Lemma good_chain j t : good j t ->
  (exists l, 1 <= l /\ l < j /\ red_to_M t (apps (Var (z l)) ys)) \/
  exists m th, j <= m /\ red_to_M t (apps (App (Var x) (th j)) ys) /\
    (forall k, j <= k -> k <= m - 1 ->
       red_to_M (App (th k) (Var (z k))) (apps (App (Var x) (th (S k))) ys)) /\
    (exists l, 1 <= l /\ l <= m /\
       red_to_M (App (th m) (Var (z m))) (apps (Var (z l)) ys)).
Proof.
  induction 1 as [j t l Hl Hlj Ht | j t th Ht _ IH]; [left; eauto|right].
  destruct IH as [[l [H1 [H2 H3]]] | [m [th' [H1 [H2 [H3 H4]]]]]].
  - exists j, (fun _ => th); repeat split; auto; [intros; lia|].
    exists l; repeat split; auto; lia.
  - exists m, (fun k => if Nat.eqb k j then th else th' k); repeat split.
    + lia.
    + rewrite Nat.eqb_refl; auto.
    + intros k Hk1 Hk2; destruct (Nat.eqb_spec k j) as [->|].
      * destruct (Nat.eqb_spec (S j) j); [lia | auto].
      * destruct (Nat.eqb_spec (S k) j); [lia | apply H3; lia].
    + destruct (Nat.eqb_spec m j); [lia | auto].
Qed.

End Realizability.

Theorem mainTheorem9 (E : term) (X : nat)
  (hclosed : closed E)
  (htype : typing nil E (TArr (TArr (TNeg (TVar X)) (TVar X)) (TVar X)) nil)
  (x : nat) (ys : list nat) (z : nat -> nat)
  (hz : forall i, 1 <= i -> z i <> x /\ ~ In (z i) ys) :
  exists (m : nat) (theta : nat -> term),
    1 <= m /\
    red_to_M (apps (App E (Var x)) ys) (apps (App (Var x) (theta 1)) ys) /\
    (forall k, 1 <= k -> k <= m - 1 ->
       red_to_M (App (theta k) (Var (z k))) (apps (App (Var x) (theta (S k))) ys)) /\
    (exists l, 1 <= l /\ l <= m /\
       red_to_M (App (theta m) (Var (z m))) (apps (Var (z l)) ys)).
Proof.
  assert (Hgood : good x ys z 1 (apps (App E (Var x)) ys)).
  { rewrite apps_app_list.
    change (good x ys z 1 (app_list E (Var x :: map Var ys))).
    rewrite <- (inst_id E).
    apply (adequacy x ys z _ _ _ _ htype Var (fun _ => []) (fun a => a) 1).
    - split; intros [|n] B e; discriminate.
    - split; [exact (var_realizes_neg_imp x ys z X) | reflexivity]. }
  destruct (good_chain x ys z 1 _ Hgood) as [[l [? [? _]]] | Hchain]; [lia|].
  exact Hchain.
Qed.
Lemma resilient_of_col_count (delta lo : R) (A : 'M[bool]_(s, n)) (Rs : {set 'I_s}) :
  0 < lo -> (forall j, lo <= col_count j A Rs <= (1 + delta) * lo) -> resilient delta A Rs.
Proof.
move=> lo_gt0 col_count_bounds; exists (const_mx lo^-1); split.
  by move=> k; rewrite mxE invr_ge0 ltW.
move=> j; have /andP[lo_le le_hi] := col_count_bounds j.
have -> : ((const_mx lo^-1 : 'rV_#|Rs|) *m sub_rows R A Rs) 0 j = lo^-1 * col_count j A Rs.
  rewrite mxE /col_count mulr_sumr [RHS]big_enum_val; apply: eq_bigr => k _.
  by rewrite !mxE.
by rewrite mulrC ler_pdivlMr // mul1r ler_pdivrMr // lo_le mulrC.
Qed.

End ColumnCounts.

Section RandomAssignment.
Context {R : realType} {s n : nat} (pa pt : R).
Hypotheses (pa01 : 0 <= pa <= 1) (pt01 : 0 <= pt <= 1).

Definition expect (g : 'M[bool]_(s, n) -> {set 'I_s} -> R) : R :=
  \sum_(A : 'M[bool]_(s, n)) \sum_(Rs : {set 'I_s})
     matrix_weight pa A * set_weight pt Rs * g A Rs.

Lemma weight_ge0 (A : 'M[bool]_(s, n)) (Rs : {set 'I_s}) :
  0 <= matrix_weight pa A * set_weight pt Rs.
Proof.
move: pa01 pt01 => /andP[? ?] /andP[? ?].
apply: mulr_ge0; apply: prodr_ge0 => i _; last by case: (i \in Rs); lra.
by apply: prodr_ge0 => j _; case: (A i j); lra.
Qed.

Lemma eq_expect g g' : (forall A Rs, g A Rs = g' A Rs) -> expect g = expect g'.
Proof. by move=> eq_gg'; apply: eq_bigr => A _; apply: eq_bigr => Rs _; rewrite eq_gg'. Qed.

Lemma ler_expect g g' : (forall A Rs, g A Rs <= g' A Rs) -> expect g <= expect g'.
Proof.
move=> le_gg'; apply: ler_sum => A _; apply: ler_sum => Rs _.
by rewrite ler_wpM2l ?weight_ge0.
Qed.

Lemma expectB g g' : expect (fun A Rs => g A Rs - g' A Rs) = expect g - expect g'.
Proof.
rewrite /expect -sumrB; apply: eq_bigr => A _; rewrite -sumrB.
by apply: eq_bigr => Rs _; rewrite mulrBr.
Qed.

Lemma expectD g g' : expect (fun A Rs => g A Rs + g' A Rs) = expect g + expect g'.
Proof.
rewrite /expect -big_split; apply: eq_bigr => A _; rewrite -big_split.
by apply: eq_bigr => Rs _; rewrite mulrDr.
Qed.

================

● **Assigned task**
Among the entries above, the line containing "rewrite Nat.eqb_refl; auto.", the line containing "(forall k, 1 <= k -> k <= m - 1 ->", and all lines between them are to be restated word for word; nothing else belongs in the reply.

● **Exercise output**
    + rewrite Nat.eqb_refl; auto.
    + intros k Hk1 Hk2; destruct (Nat.eqb_spec k j) as [->|].
      * destruct (Nat.eqb_spec (S j) j); [lia | auto].
      * destruct (Nat.eqb_spec (S k) j); [lia | apply H3; lia].
    + destruct (Nat.eqb_spec m j); [lia | auto].
Qed.

End Realizability.

Theorem mainTheorem9 (E : term) (X : nat)
  (hclosed : closed E)
  (htype : typing nil E (TArr (TArr (TNeg (TVar X)) (TVar X)) (TVar X)) nil)
  (x : nat) (ys : list nat) (z : nat -> nat)
  (hz : forall i, 1 <= i -> z i <> x /\ ~ In (z i) ys) :
  exists (m : nat) (theta : nat -> term),
    1 <= m /\
    red_to_M (apps (App E (Var x)) ys) (apps (App (Var x) (theta 1)) ys) /\
    (forall k, 1 <= k -> k <= m - 1 ->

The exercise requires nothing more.